> _Task to complete_
Tally the lines in the listing below that contain "finite" and report the tally alone.
━━━━━━
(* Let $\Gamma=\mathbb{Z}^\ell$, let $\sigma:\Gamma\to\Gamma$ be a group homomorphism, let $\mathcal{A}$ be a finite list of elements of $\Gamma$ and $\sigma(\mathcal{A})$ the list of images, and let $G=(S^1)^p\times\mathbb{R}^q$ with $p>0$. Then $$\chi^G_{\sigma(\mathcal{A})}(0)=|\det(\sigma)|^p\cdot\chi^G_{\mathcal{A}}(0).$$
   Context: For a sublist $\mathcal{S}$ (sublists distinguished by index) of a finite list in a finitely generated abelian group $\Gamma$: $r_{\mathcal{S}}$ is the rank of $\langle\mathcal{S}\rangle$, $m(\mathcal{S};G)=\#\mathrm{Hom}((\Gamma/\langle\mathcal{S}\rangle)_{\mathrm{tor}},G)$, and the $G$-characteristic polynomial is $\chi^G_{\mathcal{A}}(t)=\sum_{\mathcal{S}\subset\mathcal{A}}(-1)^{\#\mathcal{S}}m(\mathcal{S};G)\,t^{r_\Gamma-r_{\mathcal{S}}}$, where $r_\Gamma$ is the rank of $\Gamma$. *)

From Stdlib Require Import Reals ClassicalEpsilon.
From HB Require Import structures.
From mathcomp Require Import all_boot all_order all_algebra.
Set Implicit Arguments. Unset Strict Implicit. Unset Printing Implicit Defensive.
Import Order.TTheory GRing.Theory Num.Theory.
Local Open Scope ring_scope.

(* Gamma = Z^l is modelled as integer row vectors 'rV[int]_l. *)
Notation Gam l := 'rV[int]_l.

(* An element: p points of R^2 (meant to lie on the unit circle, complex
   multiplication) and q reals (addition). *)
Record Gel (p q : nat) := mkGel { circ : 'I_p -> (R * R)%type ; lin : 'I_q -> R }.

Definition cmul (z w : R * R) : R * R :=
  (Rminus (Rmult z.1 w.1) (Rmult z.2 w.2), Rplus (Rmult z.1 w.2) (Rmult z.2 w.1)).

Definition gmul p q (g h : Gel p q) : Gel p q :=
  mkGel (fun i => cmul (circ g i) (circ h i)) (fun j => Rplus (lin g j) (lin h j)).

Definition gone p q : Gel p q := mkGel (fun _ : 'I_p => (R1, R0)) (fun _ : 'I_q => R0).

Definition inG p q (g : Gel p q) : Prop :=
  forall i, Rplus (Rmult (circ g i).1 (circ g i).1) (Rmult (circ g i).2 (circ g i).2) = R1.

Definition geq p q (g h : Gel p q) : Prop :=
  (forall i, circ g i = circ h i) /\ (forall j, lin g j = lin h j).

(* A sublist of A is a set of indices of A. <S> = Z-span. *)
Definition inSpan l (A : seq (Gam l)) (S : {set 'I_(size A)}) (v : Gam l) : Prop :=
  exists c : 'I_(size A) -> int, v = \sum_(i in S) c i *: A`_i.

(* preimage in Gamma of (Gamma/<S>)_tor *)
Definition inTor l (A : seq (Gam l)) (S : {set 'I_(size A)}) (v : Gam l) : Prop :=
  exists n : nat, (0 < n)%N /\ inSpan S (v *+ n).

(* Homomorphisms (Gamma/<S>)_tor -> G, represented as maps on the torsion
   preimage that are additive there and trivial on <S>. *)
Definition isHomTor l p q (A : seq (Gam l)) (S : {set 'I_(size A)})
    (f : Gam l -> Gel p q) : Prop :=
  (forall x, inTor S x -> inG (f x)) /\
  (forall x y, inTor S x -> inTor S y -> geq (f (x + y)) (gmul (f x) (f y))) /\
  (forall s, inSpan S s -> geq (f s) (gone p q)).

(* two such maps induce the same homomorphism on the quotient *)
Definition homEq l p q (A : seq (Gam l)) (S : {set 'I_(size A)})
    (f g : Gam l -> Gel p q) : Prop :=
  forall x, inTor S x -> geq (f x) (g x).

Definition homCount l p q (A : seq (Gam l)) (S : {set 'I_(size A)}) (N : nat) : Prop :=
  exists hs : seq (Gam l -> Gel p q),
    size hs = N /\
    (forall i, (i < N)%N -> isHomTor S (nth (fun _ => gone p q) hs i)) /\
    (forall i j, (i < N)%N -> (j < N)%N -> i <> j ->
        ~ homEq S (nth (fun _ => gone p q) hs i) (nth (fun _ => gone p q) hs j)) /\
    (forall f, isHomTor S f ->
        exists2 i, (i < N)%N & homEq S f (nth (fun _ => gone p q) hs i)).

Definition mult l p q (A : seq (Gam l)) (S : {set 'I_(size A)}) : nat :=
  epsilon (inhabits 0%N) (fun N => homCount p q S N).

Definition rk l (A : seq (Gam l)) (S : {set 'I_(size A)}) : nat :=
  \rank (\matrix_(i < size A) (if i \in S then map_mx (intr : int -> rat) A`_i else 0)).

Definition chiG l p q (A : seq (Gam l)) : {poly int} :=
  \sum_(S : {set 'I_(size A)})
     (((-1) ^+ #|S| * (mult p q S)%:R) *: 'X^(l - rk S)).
━━━━━━
> _Exercise answer_
2